→ ACTION ITEM
For the word "powRrM", state how many lines of the records include it, with no other text.
• • • • •
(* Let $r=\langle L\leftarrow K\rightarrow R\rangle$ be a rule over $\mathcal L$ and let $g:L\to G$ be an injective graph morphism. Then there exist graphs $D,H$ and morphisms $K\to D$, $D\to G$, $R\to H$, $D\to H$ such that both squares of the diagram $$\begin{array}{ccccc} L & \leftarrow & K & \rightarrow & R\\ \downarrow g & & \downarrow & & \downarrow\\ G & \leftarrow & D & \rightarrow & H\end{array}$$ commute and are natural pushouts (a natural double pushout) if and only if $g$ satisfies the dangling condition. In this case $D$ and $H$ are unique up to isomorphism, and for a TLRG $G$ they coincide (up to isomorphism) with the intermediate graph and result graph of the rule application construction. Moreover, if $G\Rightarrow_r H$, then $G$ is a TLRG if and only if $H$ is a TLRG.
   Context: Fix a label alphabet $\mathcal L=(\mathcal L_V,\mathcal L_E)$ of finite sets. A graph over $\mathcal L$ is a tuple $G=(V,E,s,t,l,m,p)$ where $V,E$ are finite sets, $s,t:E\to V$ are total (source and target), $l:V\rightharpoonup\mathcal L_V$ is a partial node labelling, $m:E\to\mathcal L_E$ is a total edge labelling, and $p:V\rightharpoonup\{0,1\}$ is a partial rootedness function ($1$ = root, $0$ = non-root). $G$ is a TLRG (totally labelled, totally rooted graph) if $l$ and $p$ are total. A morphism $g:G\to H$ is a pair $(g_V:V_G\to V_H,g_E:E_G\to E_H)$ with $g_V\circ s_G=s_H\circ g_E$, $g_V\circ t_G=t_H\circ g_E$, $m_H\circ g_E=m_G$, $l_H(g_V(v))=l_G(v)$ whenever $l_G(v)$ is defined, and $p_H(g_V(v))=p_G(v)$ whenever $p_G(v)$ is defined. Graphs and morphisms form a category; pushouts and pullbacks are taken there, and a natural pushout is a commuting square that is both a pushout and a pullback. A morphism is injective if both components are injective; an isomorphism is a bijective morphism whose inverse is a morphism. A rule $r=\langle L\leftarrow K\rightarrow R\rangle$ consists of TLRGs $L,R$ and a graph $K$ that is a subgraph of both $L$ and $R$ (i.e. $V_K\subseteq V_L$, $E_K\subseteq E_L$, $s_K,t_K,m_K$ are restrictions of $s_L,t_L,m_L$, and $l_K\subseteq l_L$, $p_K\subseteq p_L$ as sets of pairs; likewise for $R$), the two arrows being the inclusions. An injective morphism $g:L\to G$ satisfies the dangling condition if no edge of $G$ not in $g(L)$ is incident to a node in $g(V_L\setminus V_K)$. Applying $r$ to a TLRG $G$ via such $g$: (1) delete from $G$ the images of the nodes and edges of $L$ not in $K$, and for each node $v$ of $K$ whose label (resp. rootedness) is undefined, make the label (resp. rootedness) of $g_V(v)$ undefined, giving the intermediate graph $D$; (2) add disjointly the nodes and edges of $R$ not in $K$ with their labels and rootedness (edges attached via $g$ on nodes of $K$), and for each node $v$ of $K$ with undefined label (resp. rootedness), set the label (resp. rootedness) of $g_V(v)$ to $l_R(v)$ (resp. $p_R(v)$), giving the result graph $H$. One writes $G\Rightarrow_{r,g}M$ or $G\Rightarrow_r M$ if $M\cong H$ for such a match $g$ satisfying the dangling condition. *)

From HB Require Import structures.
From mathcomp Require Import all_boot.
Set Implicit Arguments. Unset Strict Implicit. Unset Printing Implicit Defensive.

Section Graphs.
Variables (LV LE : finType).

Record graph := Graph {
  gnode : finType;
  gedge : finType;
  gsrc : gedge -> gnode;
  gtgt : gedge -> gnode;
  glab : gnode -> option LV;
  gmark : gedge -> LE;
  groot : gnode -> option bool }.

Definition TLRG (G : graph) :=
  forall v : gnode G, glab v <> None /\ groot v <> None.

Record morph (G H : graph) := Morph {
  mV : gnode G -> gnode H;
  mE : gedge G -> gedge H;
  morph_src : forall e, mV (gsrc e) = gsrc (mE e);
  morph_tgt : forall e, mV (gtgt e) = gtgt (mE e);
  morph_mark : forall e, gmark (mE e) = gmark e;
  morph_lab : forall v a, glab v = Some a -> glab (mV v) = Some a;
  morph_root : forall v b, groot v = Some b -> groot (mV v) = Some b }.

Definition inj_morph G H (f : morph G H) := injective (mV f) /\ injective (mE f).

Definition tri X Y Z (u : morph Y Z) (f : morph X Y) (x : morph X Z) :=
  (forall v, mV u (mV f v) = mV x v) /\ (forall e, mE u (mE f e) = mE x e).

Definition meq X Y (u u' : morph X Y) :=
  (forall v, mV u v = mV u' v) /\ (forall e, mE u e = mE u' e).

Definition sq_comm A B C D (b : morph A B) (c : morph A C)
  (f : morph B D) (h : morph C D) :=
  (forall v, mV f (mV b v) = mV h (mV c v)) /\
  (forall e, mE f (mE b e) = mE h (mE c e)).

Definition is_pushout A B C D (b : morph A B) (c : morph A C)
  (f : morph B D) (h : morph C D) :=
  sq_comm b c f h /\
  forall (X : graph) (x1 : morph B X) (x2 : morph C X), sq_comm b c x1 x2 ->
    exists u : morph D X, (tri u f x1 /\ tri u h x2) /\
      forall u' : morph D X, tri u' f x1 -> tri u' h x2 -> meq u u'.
• • • • •
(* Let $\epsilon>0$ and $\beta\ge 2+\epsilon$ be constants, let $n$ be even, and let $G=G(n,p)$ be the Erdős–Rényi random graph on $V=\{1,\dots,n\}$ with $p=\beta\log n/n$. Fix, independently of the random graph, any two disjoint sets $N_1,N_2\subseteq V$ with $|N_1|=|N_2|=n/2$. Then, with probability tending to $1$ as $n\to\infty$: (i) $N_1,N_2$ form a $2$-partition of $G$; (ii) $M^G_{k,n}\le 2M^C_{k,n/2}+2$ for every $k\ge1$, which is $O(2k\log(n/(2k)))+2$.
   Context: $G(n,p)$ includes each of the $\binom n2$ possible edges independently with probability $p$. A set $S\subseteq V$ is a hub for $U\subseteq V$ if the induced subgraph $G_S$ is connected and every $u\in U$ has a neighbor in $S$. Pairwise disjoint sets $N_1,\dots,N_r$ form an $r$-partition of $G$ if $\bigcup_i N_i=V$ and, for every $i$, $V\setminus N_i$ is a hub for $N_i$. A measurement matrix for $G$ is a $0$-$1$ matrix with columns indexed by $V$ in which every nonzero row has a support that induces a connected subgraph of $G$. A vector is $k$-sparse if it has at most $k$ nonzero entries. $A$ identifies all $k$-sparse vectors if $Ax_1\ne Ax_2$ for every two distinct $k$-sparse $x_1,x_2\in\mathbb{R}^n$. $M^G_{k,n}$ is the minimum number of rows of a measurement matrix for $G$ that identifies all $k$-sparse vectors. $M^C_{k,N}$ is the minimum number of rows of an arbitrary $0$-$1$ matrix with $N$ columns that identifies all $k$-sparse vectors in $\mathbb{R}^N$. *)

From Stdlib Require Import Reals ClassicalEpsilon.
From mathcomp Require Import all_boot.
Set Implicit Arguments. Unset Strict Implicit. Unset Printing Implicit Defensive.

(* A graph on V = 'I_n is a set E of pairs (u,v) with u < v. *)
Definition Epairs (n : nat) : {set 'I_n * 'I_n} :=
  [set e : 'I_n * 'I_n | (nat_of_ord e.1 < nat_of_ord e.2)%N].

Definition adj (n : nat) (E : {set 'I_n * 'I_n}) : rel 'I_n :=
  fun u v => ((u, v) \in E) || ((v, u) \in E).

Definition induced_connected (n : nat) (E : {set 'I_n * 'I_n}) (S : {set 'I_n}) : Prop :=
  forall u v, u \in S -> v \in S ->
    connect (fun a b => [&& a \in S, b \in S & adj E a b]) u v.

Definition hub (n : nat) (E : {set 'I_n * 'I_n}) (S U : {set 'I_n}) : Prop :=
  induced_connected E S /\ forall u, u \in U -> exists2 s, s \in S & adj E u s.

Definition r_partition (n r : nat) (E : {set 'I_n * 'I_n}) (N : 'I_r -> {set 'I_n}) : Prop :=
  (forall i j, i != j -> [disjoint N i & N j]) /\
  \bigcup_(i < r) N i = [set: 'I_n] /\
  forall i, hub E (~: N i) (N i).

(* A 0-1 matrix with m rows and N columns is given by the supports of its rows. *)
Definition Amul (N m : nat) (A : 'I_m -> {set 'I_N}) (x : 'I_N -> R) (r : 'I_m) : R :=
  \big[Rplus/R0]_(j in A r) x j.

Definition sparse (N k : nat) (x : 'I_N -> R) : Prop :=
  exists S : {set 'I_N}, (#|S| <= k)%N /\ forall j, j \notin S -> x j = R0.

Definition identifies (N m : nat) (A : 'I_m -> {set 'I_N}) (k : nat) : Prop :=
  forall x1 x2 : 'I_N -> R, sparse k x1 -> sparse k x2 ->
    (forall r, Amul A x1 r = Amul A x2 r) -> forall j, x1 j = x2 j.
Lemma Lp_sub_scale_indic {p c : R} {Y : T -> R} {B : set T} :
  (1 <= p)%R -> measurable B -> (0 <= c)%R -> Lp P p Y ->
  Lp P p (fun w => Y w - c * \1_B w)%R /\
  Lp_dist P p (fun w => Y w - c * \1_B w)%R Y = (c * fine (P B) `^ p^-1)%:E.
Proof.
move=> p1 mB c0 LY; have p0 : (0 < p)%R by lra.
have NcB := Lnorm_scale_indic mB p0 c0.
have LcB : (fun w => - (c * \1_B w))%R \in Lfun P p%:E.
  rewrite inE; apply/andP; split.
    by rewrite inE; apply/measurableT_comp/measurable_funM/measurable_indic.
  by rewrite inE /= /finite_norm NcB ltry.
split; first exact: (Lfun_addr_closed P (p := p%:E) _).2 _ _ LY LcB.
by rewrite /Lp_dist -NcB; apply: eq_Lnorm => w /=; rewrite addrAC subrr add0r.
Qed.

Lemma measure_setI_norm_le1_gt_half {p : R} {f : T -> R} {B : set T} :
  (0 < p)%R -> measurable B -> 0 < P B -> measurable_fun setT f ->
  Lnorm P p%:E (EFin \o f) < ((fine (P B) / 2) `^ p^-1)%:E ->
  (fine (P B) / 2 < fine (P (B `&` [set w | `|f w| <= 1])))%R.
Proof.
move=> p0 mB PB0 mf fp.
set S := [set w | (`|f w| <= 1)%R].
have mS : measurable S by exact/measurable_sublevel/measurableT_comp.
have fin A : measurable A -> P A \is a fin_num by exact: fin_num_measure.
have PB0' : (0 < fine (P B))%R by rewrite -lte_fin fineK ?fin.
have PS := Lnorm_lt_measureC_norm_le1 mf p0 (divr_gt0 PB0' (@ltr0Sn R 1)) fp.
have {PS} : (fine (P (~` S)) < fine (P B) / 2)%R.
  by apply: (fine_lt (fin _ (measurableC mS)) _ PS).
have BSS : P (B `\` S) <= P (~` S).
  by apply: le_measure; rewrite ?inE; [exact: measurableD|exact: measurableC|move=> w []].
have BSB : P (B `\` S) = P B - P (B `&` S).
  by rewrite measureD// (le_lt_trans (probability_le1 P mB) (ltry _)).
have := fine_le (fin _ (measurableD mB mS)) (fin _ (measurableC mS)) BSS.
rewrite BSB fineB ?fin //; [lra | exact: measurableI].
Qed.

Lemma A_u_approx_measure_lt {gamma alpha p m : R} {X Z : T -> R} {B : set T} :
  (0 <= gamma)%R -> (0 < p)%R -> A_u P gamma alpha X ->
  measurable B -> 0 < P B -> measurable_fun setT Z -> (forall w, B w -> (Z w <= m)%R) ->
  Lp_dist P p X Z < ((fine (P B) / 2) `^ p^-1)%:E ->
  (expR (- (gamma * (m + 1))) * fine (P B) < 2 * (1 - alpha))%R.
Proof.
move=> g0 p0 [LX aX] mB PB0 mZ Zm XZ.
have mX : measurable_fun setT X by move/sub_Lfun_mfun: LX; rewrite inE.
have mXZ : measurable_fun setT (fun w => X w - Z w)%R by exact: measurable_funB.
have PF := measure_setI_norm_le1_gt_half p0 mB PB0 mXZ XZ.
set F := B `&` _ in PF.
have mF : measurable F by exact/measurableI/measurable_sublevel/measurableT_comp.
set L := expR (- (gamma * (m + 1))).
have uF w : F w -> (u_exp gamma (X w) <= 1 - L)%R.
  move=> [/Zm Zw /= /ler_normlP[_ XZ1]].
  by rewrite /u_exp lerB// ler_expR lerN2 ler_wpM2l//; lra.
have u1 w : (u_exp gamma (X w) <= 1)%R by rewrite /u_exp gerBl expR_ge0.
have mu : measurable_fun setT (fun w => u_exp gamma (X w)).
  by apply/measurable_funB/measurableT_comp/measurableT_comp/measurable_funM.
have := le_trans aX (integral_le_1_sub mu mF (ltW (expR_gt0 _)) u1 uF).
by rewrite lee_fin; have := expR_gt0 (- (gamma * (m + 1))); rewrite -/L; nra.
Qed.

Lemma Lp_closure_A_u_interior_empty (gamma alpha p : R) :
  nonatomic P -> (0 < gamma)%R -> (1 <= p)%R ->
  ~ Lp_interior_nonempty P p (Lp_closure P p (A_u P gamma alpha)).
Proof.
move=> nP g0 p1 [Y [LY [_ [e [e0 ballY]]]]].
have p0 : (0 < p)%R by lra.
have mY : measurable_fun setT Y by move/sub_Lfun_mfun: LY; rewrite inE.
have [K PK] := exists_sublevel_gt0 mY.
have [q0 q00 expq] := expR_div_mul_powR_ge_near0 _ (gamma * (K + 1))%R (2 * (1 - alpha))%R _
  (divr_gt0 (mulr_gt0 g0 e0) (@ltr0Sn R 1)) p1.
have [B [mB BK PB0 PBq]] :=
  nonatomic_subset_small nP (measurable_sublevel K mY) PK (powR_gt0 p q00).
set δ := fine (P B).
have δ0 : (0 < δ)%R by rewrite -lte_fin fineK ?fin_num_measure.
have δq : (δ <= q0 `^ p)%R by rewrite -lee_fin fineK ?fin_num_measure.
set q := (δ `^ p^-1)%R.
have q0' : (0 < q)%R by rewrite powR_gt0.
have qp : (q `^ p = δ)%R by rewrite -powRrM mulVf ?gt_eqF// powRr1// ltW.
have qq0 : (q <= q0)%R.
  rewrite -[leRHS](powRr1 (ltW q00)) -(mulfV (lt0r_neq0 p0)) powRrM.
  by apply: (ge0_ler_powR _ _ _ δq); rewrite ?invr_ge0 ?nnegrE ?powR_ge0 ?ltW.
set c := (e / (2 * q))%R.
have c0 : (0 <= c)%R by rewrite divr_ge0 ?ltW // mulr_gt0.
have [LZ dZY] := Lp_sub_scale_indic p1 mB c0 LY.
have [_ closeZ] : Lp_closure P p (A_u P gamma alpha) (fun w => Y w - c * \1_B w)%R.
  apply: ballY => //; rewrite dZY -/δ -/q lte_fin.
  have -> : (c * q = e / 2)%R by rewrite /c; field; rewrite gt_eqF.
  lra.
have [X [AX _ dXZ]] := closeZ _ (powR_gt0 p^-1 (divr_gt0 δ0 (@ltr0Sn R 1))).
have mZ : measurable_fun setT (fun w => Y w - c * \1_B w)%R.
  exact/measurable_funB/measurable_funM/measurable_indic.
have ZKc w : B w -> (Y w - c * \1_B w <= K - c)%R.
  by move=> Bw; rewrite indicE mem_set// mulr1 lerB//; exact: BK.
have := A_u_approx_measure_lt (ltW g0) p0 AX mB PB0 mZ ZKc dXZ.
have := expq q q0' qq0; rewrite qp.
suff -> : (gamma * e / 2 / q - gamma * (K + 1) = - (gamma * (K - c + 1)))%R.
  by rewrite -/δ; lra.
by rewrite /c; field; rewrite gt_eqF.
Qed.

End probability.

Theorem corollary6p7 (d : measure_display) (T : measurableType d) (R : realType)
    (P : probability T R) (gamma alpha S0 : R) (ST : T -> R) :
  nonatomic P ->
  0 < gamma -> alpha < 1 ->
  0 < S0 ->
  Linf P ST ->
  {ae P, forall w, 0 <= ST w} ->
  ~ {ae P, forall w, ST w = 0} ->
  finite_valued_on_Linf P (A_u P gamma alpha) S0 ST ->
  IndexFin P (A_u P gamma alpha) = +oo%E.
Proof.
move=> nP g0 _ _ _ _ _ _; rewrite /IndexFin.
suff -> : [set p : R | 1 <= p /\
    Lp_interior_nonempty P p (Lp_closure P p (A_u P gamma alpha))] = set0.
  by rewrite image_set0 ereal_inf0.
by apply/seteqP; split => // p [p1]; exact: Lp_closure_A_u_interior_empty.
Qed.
• • • • •
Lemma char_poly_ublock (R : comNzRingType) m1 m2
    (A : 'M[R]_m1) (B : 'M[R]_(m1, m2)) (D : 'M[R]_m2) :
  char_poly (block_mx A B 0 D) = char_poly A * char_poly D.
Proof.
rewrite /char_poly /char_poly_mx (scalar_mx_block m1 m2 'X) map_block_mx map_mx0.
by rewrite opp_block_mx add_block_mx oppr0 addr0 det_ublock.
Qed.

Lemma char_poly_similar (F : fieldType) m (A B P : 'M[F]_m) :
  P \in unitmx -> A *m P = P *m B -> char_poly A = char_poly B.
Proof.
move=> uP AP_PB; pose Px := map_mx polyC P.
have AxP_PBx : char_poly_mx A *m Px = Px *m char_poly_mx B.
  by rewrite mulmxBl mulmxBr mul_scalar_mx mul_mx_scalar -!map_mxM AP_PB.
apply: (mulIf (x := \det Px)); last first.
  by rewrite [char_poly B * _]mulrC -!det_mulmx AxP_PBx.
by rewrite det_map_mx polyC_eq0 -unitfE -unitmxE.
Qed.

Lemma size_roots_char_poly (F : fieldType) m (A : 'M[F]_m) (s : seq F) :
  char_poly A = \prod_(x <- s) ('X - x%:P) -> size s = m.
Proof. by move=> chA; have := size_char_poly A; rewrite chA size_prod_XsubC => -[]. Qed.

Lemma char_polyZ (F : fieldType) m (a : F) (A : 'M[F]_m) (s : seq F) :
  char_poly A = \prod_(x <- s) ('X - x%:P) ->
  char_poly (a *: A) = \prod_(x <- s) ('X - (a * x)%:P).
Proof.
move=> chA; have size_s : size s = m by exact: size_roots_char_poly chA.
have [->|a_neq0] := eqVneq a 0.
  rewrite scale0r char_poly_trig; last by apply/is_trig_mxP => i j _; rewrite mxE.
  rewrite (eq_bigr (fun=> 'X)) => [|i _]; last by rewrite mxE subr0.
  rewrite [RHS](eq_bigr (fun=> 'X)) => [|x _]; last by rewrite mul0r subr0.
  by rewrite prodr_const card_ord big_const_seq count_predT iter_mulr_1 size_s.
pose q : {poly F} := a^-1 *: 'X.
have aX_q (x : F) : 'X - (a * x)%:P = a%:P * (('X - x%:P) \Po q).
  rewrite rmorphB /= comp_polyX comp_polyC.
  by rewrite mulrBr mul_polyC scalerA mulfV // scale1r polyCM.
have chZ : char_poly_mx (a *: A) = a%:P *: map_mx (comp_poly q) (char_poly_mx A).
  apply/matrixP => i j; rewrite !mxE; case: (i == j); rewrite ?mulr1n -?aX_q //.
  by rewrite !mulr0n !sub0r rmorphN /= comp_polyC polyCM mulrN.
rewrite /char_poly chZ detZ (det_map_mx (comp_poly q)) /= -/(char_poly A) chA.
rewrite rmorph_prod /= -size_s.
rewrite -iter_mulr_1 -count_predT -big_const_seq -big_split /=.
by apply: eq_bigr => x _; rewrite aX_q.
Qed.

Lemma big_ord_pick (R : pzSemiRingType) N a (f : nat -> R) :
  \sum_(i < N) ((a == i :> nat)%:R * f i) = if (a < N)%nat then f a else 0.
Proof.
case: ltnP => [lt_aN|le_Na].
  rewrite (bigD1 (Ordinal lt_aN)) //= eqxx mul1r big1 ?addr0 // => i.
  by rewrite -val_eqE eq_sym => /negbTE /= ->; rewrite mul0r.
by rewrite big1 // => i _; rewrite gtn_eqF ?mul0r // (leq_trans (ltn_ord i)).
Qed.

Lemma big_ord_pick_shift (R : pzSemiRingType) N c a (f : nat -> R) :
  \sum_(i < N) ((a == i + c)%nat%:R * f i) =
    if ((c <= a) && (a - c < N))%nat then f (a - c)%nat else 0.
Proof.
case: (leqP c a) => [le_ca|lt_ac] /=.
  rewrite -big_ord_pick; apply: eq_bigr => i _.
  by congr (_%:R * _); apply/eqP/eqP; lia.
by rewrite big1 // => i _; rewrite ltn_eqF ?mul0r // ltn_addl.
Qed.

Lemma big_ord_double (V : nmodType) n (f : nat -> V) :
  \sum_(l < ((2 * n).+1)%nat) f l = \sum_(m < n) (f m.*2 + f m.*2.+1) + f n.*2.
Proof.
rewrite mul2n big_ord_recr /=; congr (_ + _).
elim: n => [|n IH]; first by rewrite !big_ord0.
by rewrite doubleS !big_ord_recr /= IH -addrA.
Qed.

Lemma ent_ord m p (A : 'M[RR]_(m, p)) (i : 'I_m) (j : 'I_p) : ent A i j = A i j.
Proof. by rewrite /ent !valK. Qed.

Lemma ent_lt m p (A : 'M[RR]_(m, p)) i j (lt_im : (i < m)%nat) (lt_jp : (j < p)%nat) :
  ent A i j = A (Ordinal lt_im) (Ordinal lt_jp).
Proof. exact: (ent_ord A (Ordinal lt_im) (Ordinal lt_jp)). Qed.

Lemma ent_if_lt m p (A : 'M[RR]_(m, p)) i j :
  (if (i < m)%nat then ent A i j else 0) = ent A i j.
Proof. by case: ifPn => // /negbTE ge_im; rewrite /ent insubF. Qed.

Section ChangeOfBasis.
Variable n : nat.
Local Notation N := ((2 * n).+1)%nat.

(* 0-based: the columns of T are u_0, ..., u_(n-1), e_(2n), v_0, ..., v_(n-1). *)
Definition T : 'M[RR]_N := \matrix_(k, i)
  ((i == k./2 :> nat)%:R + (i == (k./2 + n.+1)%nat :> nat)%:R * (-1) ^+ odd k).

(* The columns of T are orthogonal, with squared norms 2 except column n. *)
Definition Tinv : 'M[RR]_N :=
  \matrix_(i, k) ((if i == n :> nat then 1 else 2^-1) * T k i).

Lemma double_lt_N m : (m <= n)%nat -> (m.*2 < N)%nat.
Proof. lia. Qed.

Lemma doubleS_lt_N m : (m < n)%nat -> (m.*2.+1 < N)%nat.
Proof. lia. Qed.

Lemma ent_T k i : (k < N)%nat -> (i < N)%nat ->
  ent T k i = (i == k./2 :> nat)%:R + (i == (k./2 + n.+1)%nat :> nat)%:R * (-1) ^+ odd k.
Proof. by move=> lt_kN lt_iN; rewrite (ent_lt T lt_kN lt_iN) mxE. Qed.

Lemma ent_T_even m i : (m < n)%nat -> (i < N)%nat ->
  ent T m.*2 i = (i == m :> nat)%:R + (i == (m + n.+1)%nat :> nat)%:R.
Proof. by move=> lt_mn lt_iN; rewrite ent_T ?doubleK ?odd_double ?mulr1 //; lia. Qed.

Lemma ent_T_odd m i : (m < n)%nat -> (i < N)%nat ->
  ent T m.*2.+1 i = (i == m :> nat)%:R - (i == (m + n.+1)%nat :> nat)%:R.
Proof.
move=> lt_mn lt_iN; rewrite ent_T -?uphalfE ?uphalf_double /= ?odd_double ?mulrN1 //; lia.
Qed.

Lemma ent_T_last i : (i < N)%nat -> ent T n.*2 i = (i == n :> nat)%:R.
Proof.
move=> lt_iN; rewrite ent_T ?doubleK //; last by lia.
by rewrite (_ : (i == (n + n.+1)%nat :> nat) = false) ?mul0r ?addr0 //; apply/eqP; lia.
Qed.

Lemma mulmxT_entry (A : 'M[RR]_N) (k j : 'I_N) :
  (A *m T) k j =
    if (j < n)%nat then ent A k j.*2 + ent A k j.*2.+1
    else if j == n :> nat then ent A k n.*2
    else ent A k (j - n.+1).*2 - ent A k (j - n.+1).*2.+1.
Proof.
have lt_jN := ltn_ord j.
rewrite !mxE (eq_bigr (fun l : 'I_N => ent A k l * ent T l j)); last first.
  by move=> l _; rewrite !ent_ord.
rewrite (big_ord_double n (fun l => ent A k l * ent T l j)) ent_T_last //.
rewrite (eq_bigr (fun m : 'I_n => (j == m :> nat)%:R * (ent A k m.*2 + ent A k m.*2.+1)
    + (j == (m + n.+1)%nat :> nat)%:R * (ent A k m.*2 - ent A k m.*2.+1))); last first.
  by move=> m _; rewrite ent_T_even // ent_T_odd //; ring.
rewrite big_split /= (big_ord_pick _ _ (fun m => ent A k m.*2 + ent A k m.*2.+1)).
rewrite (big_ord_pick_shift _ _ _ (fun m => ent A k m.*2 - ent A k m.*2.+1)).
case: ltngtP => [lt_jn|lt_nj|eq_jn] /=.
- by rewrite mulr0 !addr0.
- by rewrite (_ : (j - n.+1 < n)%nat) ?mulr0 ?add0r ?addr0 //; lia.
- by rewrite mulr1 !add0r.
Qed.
• • • • •
→ ANSWER BOX
2